----- Data records

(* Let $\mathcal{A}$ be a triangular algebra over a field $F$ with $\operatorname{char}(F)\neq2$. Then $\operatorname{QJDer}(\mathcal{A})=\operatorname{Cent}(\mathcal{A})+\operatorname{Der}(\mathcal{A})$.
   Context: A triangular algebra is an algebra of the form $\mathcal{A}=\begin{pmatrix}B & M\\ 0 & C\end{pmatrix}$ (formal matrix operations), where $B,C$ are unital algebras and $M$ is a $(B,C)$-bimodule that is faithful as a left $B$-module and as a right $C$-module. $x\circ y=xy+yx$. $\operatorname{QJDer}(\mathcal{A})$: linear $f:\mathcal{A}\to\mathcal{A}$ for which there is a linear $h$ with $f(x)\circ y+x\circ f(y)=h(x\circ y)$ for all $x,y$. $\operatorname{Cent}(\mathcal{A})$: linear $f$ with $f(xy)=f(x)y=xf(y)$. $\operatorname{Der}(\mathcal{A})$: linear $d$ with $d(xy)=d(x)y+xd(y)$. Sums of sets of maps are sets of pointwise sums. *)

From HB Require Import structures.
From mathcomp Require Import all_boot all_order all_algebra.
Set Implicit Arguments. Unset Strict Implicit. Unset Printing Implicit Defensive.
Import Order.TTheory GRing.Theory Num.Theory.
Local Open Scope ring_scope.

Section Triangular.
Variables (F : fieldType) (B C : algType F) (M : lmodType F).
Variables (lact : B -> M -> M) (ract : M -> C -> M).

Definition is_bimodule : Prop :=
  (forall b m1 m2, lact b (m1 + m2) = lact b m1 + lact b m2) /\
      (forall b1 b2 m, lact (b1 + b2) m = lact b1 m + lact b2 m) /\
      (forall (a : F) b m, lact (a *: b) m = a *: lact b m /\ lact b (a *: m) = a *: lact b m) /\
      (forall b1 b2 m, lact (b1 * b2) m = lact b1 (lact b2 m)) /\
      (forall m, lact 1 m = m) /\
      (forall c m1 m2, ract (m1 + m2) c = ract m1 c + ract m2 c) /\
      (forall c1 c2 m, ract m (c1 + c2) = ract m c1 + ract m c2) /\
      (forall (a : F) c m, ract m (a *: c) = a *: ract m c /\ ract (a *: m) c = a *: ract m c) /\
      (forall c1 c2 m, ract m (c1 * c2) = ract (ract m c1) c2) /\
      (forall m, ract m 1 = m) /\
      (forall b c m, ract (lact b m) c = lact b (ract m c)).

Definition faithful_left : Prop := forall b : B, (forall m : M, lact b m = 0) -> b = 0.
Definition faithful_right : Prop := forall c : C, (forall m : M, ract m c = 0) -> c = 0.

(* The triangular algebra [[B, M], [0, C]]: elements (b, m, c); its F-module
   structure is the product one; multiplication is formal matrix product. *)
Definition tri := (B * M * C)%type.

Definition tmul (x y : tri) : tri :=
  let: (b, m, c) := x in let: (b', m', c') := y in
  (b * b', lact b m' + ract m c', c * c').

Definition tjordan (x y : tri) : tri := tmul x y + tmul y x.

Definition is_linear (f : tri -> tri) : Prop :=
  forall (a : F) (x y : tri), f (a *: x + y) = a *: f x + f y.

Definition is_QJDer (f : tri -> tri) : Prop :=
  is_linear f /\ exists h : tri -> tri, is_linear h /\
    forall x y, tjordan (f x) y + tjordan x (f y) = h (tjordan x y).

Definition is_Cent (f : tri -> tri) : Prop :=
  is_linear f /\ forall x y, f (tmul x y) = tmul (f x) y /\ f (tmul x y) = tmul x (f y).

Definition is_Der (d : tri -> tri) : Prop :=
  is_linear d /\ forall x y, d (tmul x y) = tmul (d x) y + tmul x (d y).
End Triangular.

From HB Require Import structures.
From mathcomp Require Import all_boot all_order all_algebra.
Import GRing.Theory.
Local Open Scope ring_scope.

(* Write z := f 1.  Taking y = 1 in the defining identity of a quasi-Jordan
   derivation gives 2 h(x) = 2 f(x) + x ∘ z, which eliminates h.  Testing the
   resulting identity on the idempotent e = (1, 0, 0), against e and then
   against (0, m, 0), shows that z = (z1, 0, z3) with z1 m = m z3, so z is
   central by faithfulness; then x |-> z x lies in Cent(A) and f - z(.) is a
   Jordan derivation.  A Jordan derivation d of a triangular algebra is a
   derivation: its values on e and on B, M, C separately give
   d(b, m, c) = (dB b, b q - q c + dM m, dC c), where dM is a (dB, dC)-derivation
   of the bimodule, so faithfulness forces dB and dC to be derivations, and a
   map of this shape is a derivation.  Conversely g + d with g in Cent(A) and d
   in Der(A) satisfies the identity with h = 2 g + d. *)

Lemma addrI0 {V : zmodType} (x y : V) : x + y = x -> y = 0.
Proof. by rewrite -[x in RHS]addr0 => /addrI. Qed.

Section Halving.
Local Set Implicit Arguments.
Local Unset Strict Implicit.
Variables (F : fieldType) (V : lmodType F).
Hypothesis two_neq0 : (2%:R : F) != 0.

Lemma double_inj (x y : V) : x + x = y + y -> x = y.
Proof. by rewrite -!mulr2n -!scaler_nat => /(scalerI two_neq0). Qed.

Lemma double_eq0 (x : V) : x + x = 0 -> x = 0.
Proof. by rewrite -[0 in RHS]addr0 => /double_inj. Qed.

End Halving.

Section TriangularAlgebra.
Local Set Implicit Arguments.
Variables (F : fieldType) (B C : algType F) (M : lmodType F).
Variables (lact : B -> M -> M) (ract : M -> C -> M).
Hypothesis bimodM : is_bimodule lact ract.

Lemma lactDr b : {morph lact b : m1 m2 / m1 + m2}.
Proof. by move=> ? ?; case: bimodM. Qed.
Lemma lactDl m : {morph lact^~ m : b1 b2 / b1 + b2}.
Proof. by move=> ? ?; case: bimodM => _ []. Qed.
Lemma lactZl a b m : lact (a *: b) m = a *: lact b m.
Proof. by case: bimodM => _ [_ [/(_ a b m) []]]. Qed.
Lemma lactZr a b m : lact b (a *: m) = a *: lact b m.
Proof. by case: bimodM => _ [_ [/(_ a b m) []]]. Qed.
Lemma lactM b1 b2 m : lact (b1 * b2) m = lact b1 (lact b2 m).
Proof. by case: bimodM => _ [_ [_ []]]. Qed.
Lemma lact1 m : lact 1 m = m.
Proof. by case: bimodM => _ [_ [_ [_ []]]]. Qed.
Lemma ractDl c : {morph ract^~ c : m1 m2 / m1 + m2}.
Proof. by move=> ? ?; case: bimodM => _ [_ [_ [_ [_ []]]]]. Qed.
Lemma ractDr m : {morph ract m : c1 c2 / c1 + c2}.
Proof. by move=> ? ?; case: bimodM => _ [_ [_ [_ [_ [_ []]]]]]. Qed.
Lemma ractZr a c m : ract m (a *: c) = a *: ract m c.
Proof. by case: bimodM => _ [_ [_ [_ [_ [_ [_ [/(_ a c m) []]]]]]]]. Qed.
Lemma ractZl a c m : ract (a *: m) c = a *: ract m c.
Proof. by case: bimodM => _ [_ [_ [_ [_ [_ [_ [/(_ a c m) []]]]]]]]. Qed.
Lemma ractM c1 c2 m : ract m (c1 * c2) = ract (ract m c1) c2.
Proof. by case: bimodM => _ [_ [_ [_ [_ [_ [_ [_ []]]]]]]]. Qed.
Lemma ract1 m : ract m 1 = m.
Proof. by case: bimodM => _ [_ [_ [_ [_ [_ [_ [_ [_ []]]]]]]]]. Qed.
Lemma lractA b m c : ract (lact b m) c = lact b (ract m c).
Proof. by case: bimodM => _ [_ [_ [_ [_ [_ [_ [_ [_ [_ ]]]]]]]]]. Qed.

----------
----- Data records

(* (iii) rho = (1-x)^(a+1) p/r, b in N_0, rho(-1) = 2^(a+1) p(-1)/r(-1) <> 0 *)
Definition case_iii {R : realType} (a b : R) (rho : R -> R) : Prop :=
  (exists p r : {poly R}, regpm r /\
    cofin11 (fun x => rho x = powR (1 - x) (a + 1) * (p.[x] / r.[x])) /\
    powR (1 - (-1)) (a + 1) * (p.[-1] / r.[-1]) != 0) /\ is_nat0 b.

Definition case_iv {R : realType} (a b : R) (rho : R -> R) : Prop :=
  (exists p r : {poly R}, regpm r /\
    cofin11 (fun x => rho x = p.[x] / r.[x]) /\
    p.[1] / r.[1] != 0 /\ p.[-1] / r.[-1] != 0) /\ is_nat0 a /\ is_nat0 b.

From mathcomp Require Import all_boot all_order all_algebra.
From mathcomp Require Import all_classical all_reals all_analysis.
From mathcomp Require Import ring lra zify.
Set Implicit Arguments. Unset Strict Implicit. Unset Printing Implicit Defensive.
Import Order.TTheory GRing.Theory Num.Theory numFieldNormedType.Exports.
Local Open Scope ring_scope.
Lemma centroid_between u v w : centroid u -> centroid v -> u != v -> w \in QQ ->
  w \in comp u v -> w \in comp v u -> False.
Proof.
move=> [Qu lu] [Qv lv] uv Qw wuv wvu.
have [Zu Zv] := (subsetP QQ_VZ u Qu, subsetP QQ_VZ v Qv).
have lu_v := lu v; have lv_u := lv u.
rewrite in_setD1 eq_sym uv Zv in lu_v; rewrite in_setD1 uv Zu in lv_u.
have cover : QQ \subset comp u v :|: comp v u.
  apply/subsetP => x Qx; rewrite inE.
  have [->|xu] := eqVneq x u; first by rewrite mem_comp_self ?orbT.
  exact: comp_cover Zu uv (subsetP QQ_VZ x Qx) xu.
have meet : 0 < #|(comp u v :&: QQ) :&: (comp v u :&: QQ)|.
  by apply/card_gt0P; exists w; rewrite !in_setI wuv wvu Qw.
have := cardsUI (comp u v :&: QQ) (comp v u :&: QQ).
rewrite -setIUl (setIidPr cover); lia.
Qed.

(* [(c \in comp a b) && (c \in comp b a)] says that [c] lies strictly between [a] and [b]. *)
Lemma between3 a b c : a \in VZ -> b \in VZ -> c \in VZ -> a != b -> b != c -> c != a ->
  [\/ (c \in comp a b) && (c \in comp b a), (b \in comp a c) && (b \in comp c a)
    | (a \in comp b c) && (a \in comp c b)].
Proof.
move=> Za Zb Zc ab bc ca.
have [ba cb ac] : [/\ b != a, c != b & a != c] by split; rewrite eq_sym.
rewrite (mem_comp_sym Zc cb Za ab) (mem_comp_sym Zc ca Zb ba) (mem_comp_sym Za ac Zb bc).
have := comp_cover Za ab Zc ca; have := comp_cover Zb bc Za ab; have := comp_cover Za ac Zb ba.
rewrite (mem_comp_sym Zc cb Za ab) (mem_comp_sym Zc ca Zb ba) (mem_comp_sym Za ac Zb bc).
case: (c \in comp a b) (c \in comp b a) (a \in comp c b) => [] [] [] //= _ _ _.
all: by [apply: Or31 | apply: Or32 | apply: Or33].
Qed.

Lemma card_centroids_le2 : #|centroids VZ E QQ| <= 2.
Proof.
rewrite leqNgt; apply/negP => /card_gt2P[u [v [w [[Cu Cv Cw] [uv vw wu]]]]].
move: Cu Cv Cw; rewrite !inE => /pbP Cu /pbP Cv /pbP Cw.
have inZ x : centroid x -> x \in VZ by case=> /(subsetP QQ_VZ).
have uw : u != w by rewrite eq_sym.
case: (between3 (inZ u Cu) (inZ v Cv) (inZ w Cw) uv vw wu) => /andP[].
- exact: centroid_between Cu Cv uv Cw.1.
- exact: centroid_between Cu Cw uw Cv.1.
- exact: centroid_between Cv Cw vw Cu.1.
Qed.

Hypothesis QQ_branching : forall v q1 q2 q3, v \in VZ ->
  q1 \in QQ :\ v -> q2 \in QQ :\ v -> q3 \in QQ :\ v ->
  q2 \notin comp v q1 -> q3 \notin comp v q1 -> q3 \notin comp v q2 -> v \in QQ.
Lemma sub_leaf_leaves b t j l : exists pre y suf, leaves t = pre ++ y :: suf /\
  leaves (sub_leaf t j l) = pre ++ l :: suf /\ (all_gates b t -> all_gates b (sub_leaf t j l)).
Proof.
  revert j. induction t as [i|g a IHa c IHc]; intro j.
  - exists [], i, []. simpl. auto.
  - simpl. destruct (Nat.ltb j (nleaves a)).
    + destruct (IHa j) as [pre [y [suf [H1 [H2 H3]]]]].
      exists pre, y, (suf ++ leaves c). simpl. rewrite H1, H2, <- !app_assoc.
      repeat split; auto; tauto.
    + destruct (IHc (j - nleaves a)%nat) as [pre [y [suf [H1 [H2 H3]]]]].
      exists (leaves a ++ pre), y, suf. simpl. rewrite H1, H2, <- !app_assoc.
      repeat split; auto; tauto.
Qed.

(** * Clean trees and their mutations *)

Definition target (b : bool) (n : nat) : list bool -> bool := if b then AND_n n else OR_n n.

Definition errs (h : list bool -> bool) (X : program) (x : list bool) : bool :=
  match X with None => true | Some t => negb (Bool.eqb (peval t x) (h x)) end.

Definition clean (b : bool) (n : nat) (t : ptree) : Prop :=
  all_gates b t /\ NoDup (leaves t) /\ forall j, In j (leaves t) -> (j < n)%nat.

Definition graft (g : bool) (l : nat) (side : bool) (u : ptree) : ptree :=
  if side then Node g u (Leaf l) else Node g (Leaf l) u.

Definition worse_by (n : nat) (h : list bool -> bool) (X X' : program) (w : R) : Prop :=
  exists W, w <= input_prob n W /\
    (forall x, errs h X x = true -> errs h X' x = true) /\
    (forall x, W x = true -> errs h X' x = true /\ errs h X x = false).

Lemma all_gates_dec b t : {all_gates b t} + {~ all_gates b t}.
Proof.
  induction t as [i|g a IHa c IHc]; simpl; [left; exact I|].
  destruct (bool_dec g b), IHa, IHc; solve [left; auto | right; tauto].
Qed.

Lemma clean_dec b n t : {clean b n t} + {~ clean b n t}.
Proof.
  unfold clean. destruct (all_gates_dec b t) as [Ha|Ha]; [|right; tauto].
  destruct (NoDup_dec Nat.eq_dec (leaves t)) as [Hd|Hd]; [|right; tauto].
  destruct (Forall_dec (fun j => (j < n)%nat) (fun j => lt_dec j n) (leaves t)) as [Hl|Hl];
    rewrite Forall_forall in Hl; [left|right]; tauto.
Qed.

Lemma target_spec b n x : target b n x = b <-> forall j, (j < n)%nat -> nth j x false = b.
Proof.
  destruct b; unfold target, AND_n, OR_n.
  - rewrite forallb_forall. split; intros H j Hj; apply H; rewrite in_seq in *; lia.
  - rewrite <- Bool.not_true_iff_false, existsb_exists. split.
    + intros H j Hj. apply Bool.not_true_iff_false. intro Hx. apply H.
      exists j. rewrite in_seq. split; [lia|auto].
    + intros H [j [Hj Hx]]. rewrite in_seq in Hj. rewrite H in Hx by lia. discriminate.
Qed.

----------
----- Data records

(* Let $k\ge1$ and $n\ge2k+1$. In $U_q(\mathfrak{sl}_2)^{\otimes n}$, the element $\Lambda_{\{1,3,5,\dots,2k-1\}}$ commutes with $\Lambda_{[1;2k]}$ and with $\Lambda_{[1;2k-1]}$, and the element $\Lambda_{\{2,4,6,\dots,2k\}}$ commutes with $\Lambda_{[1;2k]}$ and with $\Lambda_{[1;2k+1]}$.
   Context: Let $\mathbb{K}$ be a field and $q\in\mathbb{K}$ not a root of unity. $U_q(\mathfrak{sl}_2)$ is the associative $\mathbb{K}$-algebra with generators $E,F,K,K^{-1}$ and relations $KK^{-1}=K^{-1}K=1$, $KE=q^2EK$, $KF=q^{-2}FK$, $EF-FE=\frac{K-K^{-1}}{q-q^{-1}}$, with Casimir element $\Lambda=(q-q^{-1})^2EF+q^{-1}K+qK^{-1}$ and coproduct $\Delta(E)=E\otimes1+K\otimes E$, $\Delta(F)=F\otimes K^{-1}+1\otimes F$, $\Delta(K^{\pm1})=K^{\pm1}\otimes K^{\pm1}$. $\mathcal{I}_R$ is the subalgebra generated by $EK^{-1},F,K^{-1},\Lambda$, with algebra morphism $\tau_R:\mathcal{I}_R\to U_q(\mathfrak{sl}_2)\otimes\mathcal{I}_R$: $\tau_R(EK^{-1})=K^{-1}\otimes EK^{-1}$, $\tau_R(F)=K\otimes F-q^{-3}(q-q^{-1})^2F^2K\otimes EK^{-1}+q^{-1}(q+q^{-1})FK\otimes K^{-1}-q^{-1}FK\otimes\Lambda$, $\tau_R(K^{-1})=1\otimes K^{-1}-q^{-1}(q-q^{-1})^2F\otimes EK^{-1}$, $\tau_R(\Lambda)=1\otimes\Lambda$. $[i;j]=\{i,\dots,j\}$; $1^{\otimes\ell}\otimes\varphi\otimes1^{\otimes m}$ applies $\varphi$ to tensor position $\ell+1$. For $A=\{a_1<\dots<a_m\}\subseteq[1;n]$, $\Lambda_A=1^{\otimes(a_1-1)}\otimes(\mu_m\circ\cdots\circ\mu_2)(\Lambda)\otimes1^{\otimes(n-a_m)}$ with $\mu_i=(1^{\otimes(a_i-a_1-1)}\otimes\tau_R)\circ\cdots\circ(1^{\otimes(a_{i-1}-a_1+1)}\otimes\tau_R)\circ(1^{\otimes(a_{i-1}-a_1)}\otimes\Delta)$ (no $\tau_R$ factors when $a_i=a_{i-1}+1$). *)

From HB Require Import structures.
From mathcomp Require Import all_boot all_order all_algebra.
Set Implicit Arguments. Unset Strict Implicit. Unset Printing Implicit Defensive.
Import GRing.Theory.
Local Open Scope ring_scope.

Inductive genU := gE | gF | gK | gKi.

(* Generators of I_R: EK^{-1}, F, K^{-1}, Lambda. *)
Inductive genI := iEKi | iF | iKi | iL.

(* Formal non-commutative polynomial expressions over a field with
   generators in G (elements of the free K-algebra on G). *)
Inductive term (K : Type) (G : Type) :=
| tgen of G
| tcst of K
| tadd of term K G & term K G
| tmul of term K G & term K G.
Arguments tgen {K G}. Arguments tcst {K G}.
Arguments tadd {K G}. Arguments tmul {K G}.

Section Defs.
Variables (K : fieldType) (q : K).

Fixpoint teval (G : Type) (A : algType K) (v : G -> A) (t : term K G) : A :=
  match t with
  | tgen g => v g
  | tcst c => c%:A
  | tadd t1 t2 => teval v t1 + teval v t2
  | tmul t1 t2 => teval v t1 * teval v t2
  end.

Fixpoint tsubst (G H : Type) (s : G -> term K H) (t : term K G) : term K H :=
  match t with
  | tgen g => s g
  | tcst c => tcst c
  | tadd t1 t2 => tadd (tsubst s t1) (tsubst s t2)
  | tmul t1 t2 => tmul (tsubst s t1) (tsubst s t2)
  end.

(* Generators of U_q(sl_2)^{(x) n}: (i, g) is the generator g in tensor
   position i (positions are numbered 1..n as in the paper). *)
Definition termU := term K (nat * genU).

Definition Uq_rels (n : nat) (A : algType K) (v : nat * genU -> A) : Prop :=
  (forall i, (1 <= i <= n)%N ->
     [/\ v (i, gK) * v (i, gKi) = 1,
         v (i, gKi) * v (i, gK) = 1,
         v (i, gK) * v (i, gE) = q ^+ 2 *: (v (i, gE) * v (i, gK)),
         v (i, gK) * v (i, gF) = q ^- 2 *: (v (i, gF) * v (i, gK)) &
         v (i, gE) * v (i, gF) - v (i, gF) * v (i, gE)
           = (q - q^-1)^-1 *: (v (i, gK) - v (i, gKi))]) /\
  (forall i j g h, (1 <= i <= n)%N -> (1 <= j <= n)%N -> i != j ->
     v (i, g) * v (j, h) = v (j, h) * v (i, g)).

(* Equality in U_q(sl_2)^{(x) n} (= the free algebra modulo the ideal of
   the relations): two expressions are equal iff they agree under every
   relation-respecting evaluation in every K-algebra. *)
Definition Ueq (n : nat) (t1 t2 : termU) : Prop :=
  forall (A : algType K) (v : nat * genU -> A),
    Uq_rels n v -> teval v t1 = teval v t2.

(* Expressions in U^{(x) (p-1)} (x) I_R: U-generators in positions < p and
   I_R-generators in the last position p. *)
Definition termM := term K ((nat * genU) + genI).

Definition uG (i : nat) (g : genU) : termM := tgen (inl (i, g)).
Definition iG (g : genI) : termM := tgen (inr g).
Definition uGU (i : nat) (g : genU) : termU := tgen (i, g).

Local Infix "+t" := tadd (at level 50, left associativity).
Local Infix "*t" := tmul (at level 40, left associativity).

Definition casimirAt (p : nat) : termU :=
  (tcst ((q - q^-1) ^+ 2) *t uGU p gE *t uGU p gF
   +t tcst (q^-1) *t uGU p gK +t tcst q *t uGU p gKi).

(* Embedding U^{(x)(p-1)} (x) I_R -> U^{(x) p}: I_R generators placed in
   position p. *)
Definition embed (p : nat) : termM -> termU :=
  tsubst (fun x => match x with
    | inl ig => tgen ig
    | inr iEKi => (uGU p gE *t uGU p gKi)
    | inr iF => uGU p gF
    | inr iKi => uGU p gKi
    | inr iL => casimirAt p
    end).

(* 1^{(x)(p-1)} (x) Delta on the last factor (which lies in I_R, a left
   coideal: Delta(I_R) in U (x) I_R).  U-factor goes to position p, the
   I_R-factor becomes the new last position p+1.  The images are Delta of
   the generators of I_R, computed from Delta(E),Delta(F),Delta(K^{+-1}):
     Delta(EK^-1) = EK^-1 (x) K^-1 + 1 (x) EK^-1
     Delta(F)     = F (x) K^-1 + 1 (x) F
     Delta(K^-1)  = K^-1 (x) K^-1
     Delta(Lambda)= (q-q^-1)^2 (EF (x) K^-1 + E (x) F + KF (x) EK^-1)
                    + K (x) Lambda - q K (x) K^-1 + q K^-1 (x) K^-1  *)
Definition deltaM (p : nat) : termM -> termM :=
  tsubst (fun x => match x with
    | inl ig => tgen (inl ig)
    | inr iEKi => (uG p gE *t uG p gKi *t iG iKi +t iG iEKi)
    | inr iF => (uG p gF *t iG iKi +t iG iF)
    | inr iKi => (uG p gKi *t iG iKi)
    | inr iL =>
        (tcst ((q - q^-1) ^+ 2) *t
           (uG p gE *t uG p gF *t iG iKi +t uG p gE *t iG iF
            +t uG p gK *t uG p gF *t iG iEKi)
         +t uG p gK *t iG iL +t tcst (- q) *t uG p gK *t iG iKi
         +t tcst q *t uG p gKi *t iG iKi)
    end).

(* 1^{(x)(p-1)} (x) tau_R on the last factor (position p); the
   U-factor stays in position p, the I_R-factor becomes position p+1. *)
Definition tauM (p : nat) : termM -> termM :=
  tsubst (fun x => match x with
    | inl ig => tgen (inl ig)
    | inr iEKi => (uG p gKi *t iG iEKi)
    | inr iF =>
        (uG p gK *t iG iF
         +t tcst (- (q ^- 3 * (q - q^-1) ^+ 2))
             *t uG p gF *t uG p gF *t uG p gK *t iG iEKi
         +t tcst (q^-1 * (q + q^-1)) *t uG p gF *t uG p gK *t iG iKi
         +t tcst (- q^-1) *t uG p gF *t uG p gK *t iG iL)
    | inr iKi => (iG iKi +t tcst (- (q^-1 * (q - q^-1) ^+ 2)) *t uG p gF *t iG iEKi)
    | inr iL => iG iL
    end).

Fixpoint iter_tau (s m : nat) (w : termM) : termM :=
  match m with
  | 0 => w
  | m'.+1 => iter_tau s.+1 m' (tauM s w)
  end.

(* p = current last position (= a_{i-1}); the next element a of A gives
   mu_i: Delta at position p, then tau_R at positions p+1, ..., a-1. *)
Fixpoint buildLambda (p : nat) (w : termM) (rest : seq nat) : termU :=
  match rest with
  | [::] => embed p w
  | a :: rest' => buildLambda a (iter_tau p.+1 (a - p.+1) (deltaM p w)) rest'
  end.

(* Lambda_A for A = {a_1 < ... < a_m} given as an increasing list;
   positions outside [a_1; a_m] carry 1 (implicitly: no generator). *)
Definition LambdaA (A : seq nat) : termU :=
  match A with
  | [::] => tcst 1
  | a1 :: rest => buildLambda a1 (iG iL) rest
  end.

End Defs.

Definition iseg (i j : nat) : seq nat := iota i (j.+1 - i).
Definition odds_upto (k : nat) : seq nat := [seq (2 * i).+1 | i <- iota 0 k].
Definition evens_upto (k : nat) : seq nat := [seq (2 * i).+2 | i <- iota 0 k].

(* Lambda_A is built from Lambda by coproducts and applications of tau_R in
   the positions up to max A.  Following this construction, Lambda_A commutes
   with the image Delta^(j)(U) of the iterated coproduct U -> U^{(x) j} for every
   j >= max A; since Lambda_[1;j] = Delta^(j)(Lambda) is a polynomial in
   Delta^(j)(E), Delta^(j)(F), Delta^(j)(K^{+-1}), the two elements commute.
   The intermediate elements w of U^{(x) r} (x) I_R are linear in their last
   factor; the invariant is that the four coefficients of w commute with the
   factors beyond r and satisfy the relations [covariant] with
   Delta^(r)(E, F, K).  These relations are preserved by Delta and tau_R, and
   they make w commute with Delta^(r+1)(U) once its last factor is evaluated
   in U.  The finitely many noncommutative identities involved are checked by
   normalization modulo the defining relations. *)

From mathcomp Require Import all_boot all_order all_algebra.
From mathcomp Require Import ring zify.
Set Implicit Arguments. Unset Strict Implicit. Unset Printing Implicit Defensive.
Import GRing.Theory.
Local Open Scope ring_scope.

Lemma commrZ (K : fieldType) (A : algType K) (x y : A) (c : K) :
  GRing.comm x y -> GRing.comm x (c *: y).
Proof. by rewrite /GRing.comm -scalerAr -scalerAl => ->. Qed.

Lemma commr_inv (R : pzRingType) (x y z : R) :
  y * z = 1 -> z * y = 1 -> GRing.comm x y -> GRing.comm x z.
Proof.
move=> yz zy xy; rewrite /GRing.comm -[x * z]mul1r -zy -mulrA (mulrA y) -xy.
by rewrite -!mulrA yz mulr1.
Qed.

----------

[Problem statement] Return all lines from the entries that contain the string "powR".

[Answer to this problem]
    cofin11 (fun x => rho x = powR (1 - x) (a + 1) * (p.[x] / r.[x])) /\
    powR (1 - (-1)) (a + 1) * (p.[-1] / r.[-1]) != 0) /\ is_nat0 b.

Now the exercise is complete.